Forum Discussion
Simple answer: no.
In theory, snaps like the CSV Parser could be enhanced with a new setting to limit the number of output documents, but there’s little reason to burden snaps with this additional complexity when you can achieve the same result by adding a Head snap.
May I ask why it’s preferable to stop reading the file early?
In my pipeline I’m performing some analysis on those first N records and writing the analysis results to a file. The input file is very large and the output file containing the analysis results doesn’t appear to be closed until the pipeline completes (when the file reader finishes reading the file). The amount of time between the analysis of the first N records being complete and the file reader finishing reading the file is significant; at least significant enough that our user has complained about it.

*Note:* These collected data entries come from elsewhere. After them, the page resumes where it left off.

(* Let $r=r(n)$ be integers with $r\ge 2$ and $r=o(n^{1/2})$. Then $$\Pr(\mathcal A_3)=\frac{1-o(1)}{1+\frac{(r-1)^3}{n}(1+o(1))}\qquad(n\to\infty).$$ In particular, if $r/n^{1/3}\to c\in[0,\infty)$ then $\Pr(\mathcal A_3)\to 1/(1+c^3)$.
   Context: Random intersecting process: Let $[n]=\{1,\dots,n\}$ and $\binom{[n]}{r}$ the family of $r$-subsets of $[n]$. Choose $e_1$ uniformly at random from $\binom{[n]}{r}$. Given $\mathcal F_i=\{e_1,\dots,e_i\}$, let $\mathcal A(\mathcal F_i)=\{e\in\binom{[n]}{r}: e\notin\mathcal F_i,\ e\cap e_j\neq\emptyset \text{ for all } 1\le j\le i\}$, and choose $e_{i+1}$ uniformly at random from $\mathcal A(\mathcal F_i)$. The process halts when $\mathcal A(\mathcal F_i)=\emptyset$. A star is a collection of sets such that every pair of them has the same one-element intersection $\{x\}$ ($x$ is the kernel); a single set is a $1$-star by convention. For $i\ge1$, $\mathcal A_i$ is the event that at least $i$ edges are chosen and $\mathcal F_i$ is an $i$-star. *)

From Stdlib Require Import Reals.
From mathcomp Require Import all_boot.

Set Implicit Arguments.
Unset Strict Implicit.
Unset Printing Implicit Defensive.

Definition rsum (T : finType) (P : pred T) (f : T -> R) : R :=
  foldr (fun x acc => Rplus (f x) acc) R0 (enum P).

Definition edge (n r : nat) (e : {set 'I_n}) : bool := #|e| == r.

Definition admissible (n r : nat) (F : seq {set 'I_n}) : pred {set 'I_n} :=
  fun e => [&& edge r e, e \notin F & all (fun f : {set 'I_n} => ~~ [disjoint e & f]) F].

Definition card_adm (n r : nat) (F : seq {set 'I_n}) : nat :=
  #|[pred e | admissible r F e]|.

Definition is_star (n : nat) (F : seq {set 'I_n}) : bool :=
  [exists x : 'I_n, all (fun e => all (fun f => (e == f) || (e :&: f == [set x])) F) F].

(* Pr(A_3): probability that the random intersecting process chooses at
   least 3 edges and F_3 = {e1,e2,e3} is a 3-star.  e1 uniform among all
   r-sets, e2 uniform in A(F_1), e3 uniform in A(F_2). *)
Definition probA3 (n r : nat) : R :=
  rsum (fun e1 : {set 'I_n} => edge r e1) (fun e1 =>
   rsum (admissible r [:: e1]) (fun e2 =>
    rsum (fun e3 => admissible r [:: e1; e2] e3 && is_star [:: e1; e2; e3])
      (fun e3 =>
        Rmult (Rmult (Rinv (INR #|[pred e : {set 'I_n} | edge r e]|))
                     (Rinv (INR (card_adm r [:: e1]))))
              (Rinv (INR (card_adm r [:: e1; e2])))))).

From Stdlib Require Import Reals Lra.
From mathcomp Require Import all_boot zify.

(* A third edge can only complete a star if the second edge meets e1 in a
   single point x, and then the completions are the r-sets through x avoiding
   the rest of e1 and e2. With B = C(n, r-1), d = r^2/(n-r) and
   a = (r-1)^3/n, binomial estimates show that all but a fraction 2d of the
   admissible second edges meet e1 in one point, and that for such a pair
   between B(1-2d) and B third edges complete a star while between a(1-2d)B
   and (2d + a(1+d))B admissible ones do not. So each conditional probability
   of a star is 1/(1+a) up to a relative error O(d), and averaging gives
   |Pr(A_3)(1+a) - 1| <= 10 r^2/n, which tends to 0 when r = o(n^(1/2)); when
   moreover r/n^(1/3) -> c, a -> c^3. *)

Set Implicit Arguments.
Unset Strict Implicit.
Unset Printing Implicit Defensive.

Section Counting.
Variables T1 T2 : finType.

Lemma leq_card_in_inj (A : {pred T1}) (B : {pred T2}) (f : T1 -> T2) :
  {in A &, injective f} -> {in A, forall x, f x \in B} -> #|A| <= #|B|.
Proof.
move=> f_inj fAB; have -> : #|A| = #|[set x in A]| by apply: eq_card => x; rewrite inE.
rewrite -(card_in_imset (f := f)); last by move=> x y; rewrite !inE; apply: f_inj.
by apply/subset_leq_card/subsetP => _ /imsetP[x + ->]; rewrite inE; apply: fAB.
Qed.

Lemma leq_card_onto (A : {set T1}) (B : {pred T2}) (f : T1 -> T2) :
  {in B, forall y, exists2 x, x \in A & y = f x} -> #|B| <= #|A|.
Proof.
move=> f_onto; apply: leq_trans (leq_imset_card f A); apply/subset_leq_card/subsetP.
by move=> y /f_onto[x xA ->]; apply: imset_f.
Qed.

Lemma leq_card_split (A Q : {pred T1}) m k :
  #|[predI A & Q]| <= m -> #|[predD A & Q]| <= k -> #|A| <= m + k.
Proof. by move=> AQ AnQ; rewrite -(cardID Q A) leq_add. Qed.

End Counting.

Section Sets.
Variable T : finType.
Implicit Types (A B e : {set T}) (x y : T).

Definition draws B k := [set A : {set T} | A \subset B & #|A| == k].

Lemma set1_neq0 x : ([set x] == set0) = false.
Proof. by apply/eqP => /setP/(_ x); rewrite !inE eqxx. Qed.

Lemma in_setI1 e A x : e :&: A = [set x] -> x \in e /\ x \in A.
Proof. move=> eA; have : x \in e :&: A by rewrite eA set11. by rewrite inE => /andP. Qed.

Lemma setD12K e x y : x \in e -> y \in e -> x != y ->
  e = x |: (y |: (e :\ x :\ y)) /\ #|e :\ x :\ y| = #|e| - 2.
Proof.
move=> xe ye xy; have ye' : y \in e :\ x by rewrite !inE eq_sym xy.
split; first by rewrite setD1K // setD1K.
by rewrite (cardsD1 x e) (cardsD1 y (e :\ x)) xe ye' !add1n subn2.
Qed.

Lemma setU1I_set1 A e x : x \in e -> [disjoint A & e] -> (x |: A) :&: e = [set x].
Proof.
move=> xe Ae; apply/setP => z; rewrite !inE.
by case: eqP => [->|_] //=; case zA: (z \in A); rewrite // (disjointFr Ae).
Qed.

Lemma exists_other_elt A x : x \in A -> A != [set x] -> exists2 y, y \in A & y != x.
Proof.
move=> xA Ax; have /set0Pn[y] : A :\ x != set0.
  by apply: contraNneq Ax => Ax0; rewrite -(setD1K xA) Ax0 setU0.
by rewrite !inE => /andP[yx yA]; exists y.
Qed.

Lemma meetP e A : ~~ [disjoint e & A] -> exists2 y, y \in e & y \in A.
Proof. by rewrite -setI_eq0 => /set0Pn[y]; rewrite inE => /andP[]; exists y. Qed.

Lemma disjointsU1 A e x : x \notin e -> [disjoint A & e] -> [disjoint x |: A & e].
Proof. by move=> xe; rewrite !disjoints_subset subUset sub1set inE xe. Qed.

Lemma disjoint_draws A B k : A \in draws (~: B) k -> [disjoint A & B].
Proof. by rewrite inE -{2}[B]setCK -subsets_disjoint => /andP[]. Qed.

Lemma setI_set1_neq e A x : 1 < #|A| -> e :&: A = [set x] -> e != A.
Proof.
move=> A_gt1 eA; apply: contraTneq A_gt1 => eq_eA.
by move: eA; rewrite eq_eA setIid => ->; rewrite cards1.
Qed.

End Sets.

Section OrdinalSets.
Variable n : nat.

Lemma cardsC_ord (B : {set 'I_n}) : #|~: B| = n - #|B|.
Proof. by rewrite [#|~: B|]cardsCs setCK card_ord. Qed.

Lemma card_draws_setT k : #|draws [set: 'I_n] k| = 'C(n, k).
Proof. by rewrite cards_draws cardsT card_ord. Qed.

End OrdinalSets.

Section FirstStep.
Variables (n r : nat) (e1 : {set 'I_n}).
Hypotheses (r_gt1 : 1 < r) (e1_r : #|e1| = r).

Definition one_meet := [pred e | admissible r [:: e1] e & #|e1 :&: e| == 1].

Lemma card_one_meet_ge : r * 'C(n - r, r.-1) <= #|one_meet|.
Proof.
rewrite -{1 2}e1_r -cardsC_ord -cards_draws -cardsX.
have key p : p \in setX e1 (draws (~: e1) r.-1) ->
    [/\ (p.1 |: p.2) :&: e1 = [set p.1], (p.1 |: p.2) :\ p.1 = p.2 & #|p.1 |: p.2| = r].
  case: p => a Q; rewrite inE /= => /andP[ae QD].
  have dQ := disjoint_draws QD; move: QD; rewrite inE => /andP[_ /eqP Q_r].
  have aQ : a \notin Q by apply/negP => /(disjointFr dQ); rewrite ae.
  by rewrite setU1I_set1 // setU1K // cardsU1 aQ Q_r add1n prednK // ltnW.
apply: (@leq_card_in_inj _ _ _ _ (fun p : 'I_n * {set 'I_n} => p.1 |: p.2)).
  move=> [a Q] [b Q'] /key[/= aQ1 aQ2 _] /key[/= bQ1 bQ2 _] /= eq_ab.
  have eab : a = b by apply: set1_inj; rewrite -aQ1 -bQ1 eq_ab.
  by rewrite -aQ2 -bQ2 eq_ab eab.
move=> p /key[p_e1 _ p_r]; rewrite !inE /admissible /edge /= p_r eqxx /=.
rewrite !inE -setI_eq0 p_e1 set1_neq0 setIC p_e1 cards1 eqxx !andbT.
by apply: setI_set1_neq p_e1; rewrite e1_r.
Qed.

Lemma card_adm1_le : card_adm r [:: e1] <= #|one_meet| + (r * r) * 'C(n, r - 2).
Proof.
apply: (@leq_card_split _ _ (fun e => #|e1 :&: e| == 1)).
  by apply/subset_leq_card/subsetP => e; rewrite !inE.
rewrite -card_draws_setT; have -> : r * r = #|e1| * #|e1| by rewrite e1_r.
rewrite -!cardsX.
apply: (@leq_card_onto _ _ _ _ (fun p : 'I_n * 'I_n * {set 'I_n} => p.1.1 |: (p.1.2 |: p.2))).
move=> e; rewrite !inE /= unfold_in => /andP[e1e_n1 /and3P[/eqP e_r _ /andP[m _]]].
have : 1 < #|e1 :&: e| by rewrite ltn_neqAle eq_sym e1e_n1 card_gt0 setI_eq0 disjoint_sym.
case/card_gt1P => a [b [+ + ab]]; rewrite !inE => /andP[ae1 ae] /andP[be1 be].
have [e_eq e_ab] := setD12K ae be ab.
by exists ((a, b), e :\ a :\ b); rewrite // !inE ae1 be1 subsetT /= e_ab e_r.
Qed.

End FirstStep.

Section SecondStep.
Variables (n r : nat) (e1 e2 : {set 'I_n}) (x : 'I_n).
Hypotheses (r_gt1 : 1 < r) (e1_r : #|e1| = r) (e2_r : #|e2| = r).
Hypothesis e12x : e1 :&: e2 = [set x].

Definition stars :=
  [pred e : {set 'I_n} | [&& #|e| == r, e :&: e1 == [set x] & e :&: e2 == [set x]]].

Definition nonstars := [predD [pred e | admissible r [:: e1; e2] e] & stars].

Let e1_gt1 : 1 < #|e1|. Proof. by rewrite e1_r. Qed.
Let e2_gt1 : 1 < #|e2|. Proof. by rewrite e2_r. Qed.

Let x_e1 : x \in e1. Proof. by case: (in_setI1 e12x). Qed.
Let x_e2 : x \in e2. Proof. by case: (in_setI1 e12x). Qed.

Let in_e12 z : z \in e1 -> z \in e2 -> z = x.
Proof. by move=> z1 z2; apply/set1P; rewrite -e12x inE z1. Qed.

Let e1x_r : #|e1 :\ x| = r.-1. Proof. by rewrite -e1_r (cardsD1 x e1) x_e1. Qed.
Let e2x_r : #|e2 :\ x| = r.-1. Proof. by rewrite -e2_r (cardsD1 x e2) x_e2. Qed.

Lemma star_adm_iff e :
  admissible r [:: e1; e2] e && is_star [:: e1; e2; e] = stars e.
Proof.
have e1_e2 : e1 != e2 := setI_set1_neq e2_gt1 e12x.
rewrite /admissible /is_star /edge /=; apply/idP/idP.
- case/andP => /and5P[-> e_new _ _ _] /existsP[y].
  rewrite !andbT !eqxx /= => /and3P[/andP[y12 y1] /andP[_ y2] _].
  move: e_new; rewrite !inE negb_or => /andP[e1_e e2_e].
  move: y12 y1 y2; rewrite (negbTE e1_e2) e12x !(eq_sym _ e) (negbTE e1_e) (negbTE e2_e) /=.
  by move=> /eqP[<-] /eqP e1e /eqP e2e; rewrite setIC e1e setIC e2e eqxx.
- case/and3P => -> /eqP ee1 /eqP ee2.
  have e_e1 : e != e1 := setI_set1_neq e1_gt1 ee1.
  have e_e2 : e != e2 := setI_set1_neq e2_gt1 ee2.
  rewrite !inE negb_or e_e1 e_e2 -!setI_eq0 ee1 ee2 set1_neq0 /=.
  apply/existsP; exists x.
  rewrite !eqxx !(eq_sym _ e) (eq_sym e2 e1) (negbTE e_e1) (negbTE e_e2) (negbTE e1_e2) /=.
  by rewrite e12x (setIC e1 e) ee1 (setIC e2 e1) e12x (setIC e2 e) ee2 !eqxx.
Qed.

- PSAmmirata5 years agoEmployee
@ptaylor - Once this change is implemented, is the Exit snap the best way to programmatically stop the pipeline once the Head’s output view is closed?
Why do you need the pipeline to stop if the output file containing the analysis results has been written and closed?
But, yes, I suppose you could add an Exit snap after the File Writer if you do want the pipeline to exit. But even if you don’t, the File Writer will have completed and written the file that your user needs, even while the Head continues to consume its input and the pipeline continues to run.
- PSAmmirata5 years agoEmployee
If we no longer need the pipeline running, I don’t want to use Snaplex node resources unnecessarily. Also, users question why is the pipeline still running once it produced the desired file.